Mon intervention sur les projets de loi pour "la confiance dans l'institution judicaire"

Le projet de loi "Confiance dans l'institution judiciaire", examiné depuis ce printemps au Parlement, sera très prochainement adopté. Après une première lecture à l'Assemblée nationale et au Sénat, puis une commission mixte paritaire conclusive (CMP, discussion entre sept deputés et sept sénateurs sur les points d'achoppement), le texte qui en est issu a été débattu une dernière fois à l'Assemblée mardi dernier, puis au Sénat jeudi.

Mon intervention en séance publique:

"Monsieur le Garde des Sceaux, Monsieur le Président, Monsieur le Rapporteur, Mes cher.e.s Collègues,

Le présent projet de loi entend renforcer la « confiance dans l’institution judiciaire ». C’est un doux euphémisme que de parler de confiance, tant le lien entre la justice et les citoyens s’est étiolé et exige sa restauration dans le respect que l’on doit à l’institution et à ses acteurs. Ce texte à lui seul ne peut suffire à cet objectif. 

I Des avancées utiles

1/ L’enregistrement et la diffusion des audiences répond à notre volonté de faire connaitre le fonctionnement de la justice. On a confiance dans ce que l’on connait et montrer la complexité des mécanismes d’un Etat de droit, c’est important. Des garanties sont apportées par le texte : accord préalable des parties, possibilité de suspendre l’enregistrement, diffusion après le jugement définitif, protection de l’identité des personnes ou encore droit à l’oubli. C’est bien que le législateur donne aux chefs de juridiction la compétence de décider d’un enregistrement, après avis du ministre, plutôt que de laisser cette précision à un décret en Conseil d’Etat. C’était une préoccupation du groupe. Elle a été entendue. 
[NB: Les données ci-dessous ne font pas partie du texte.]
Lemma mobius_denom_neq0 (t : R) (z : C) : Rabs t < 1 -> Cmod z < 1 -> (RtoC 1 + RtoC t * z)%C <> RtoC 0.
Proof.
  intros Ht Hz E.
  assert (E' : (RtoC t * z)%C = RtoC (-1)).
  { replace (RtoC t * z)%C with ((RtoC 1 + RtoC t * z) - RtoC 1)%C by Cring.
    rewrite E. apply injective_projections; simpl; ring. }
  apply (f_equal Cmod) in E'. rewrite Cmod_mult, !Cmod_R, (Rabs_left (-1)) in E' by lra.
  assert (Rabs t * Cmod z < 1) by (generalize (Rabs_pos t) (Cmod_ge_0 z); nra).
  lra.
Qed.

Lemma Rabs_mobius_coef_le t m : Rabs t < 1 -> Rabs (mobius_coef t m) <= 1.
Proof.
  intros Ht. destruct m as [|m]; simpl; [lra|].
  rewrite Rabs_mult, <- RPow_abs, Rabs_Ropp.
  assert (Rabs (1 - t * (t * 1)) <= 1) by (apply Rabs_le; destruct (Rabs_def2 _ _ Ht); nra).
  assert (Rabs t ^ m <= 1) by (apply pow_le_1; split; [apply Rabs_pos | lra]).
  generalize (pow_le (Rabs t) m (Rabs_pos t)) (Rabs_pos (1 - t * (t * 1))). nra.
Qed.

Section Mobius.

Variables (t : R) (z : C).
Hypotheses (Ht : Rabs t < 1) (Hz : Cmod z < 1).

Let geom_neg := toC (fun j => (-t) ^ j).

Lemma geom_neg_Cpow j : (geom_neg j * Cpow z j)%C = Cpow (RtoC (-t) * z)%C j.
Proof. unfold geom_neg, toC. now rewrite Cpow_mult_l, RtoC_pow. Qed.

Lemma Cmod_neg_t_z : Cmod (RtoC (-t) * z)%C < 1.
Proof. rewrite Cmod_mult, Cmod_R, Rabs_Ropp. generalize (Rabs_pos t) (Cmod_ge_0 z). nra. Qed.

Lemma ex_Cpseries_geom_neg : ex_Cpseries geom_neg z.
Proof.
  apply ex_Cpseries_bounded; auto. intros j. unfold geom_neg, toC.
  rewrite Cmod_R, <- RPow_abs, Rabs_Ropp. apply pow_le_1. split; [apply Rabs_pos | lra].
Qed.

Lemma Cpseries_geom_neg : Cpseries geom_neg z = (/ (RtoC 1 + RtoC t * z))%C.
Proof.
  unfold Cpseries. rewrite (Cseries_ext _ _ geom_neg_Cpow), Cseries_geom by apply Cmod_neg_t_z.
  f_equal. rewrite RtoC_opp. Cring.
Qed.

Lemma ex_Cpseries_mobius_coef : ex_Cpseries (toC (mobius_coef t)) z.
Proof. apply ex_Cpseries_bounded; auto. intros j. unfold toC. rewrite Cmod_R. now apply Rabs_mobius_coef_le. Qed.

Lemma Cpseries_mobius_coef : Cpseries (toC (mobius_coef t)) z = mobius t z.
Proof.
  unfold Cpseries. rewrite Cseries_incr_1 by apply ex_Cpseries_mobius_coef.
  rewrite (Cseries_ext _ (fun k => ((RtoC (1 - t ^ 2) * z) * (geom_neg k * Cpow z k))%C)).
  - rewrite Cseries_scal by apply ex_Cpseries_geom_neg.
    fold (Cpseries geom_neg z). rewrite Cpseries_geom_neg.
    unfold mobius, toC. simpl. assert (Hn := mobius_denom_neq0 t z Ht Hz).
    rewrite !RtoC_minus, !RtoC_mult. Cfield. auto.
  - intros k. unfold geom_neg, toC. simpl. rewrite RtoC_mult. Cring.
Qed.

Lemma PS_derive_mobius_coef j :
  toC (PS_derive (mobius_coef t)) j = (RtoC (1 - t ^ 2) * cprod geom_neg geom_neg j)%C.
Proof.
  unfold geom_neg. rewrite <- toC_PS_mult. unfold toC. rewrite <- RtoC_mult. f_equal.
  unfold PS_mult. rewrite (sum_eq _ (fun _ => (-t) ^ j)), <- sum_n_Reals, sum_n_const.
  - unfold PS_derive. simpl mobius_coef. ring.
  - intros k Hk. rewrite <- pow_add. f_equal. lia.
Qed.

Lemma ex_Cpseries_PS_derive_mobius_coef : ex_Cpseries (toC (PS_derive (mobius_coef t))) z.
Proof.
  eapply ex_Cpseries_ext; [intros j; symmetry; apply PS_derive_mobius_coef|].
  apply ex_Cpseries_scal, ex_Cpseries_cprod; apply ex_Cpseries_geom_neg.
Qed.

Lemma Cpseries_PS_derive_mobius_coef : Cpseries (toC (PS_derive (mobius_coef t))) z = mobius_deriv t z.
Proof.
  rewrite (Cpseries_ext _ _ z PS_derive_mobius_coef), Cpseries_scal, Cpseries_cprod, Cpseries_geom_neg
    by auto using ex_Cpseries_cprod, ex_Cpseries_geom_neg.
  unfold mobius_deriv. assert (Hn := mobius_denom_neq0 t z Ht Hz). Cfield. auto.
Qed.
2/ La limitation à deux ans de l’enquête préliminaire, plus un an sur décision du parquet, avec un régime dérogatoire pour certaines affaires de criminalité ou de terrorisme, constitue une avancée dans les droits des justiciables, lesquels redoutent la justice à raison de sa lenteur. Les magistrats pointent cependant l’absence de dérogation pour les enquêtes financières complexes, le manque de dispositions transitoires et le fait que cette réforme ne s’accompagne pas d’une augmentation significative des moyens et des personnels. L’ouverture au contradictoire est aussi une bonne chose et s’inscrit dans la suite de la commission d’enquête sur l’indépendance de la justice à laquelle j’ai participé. 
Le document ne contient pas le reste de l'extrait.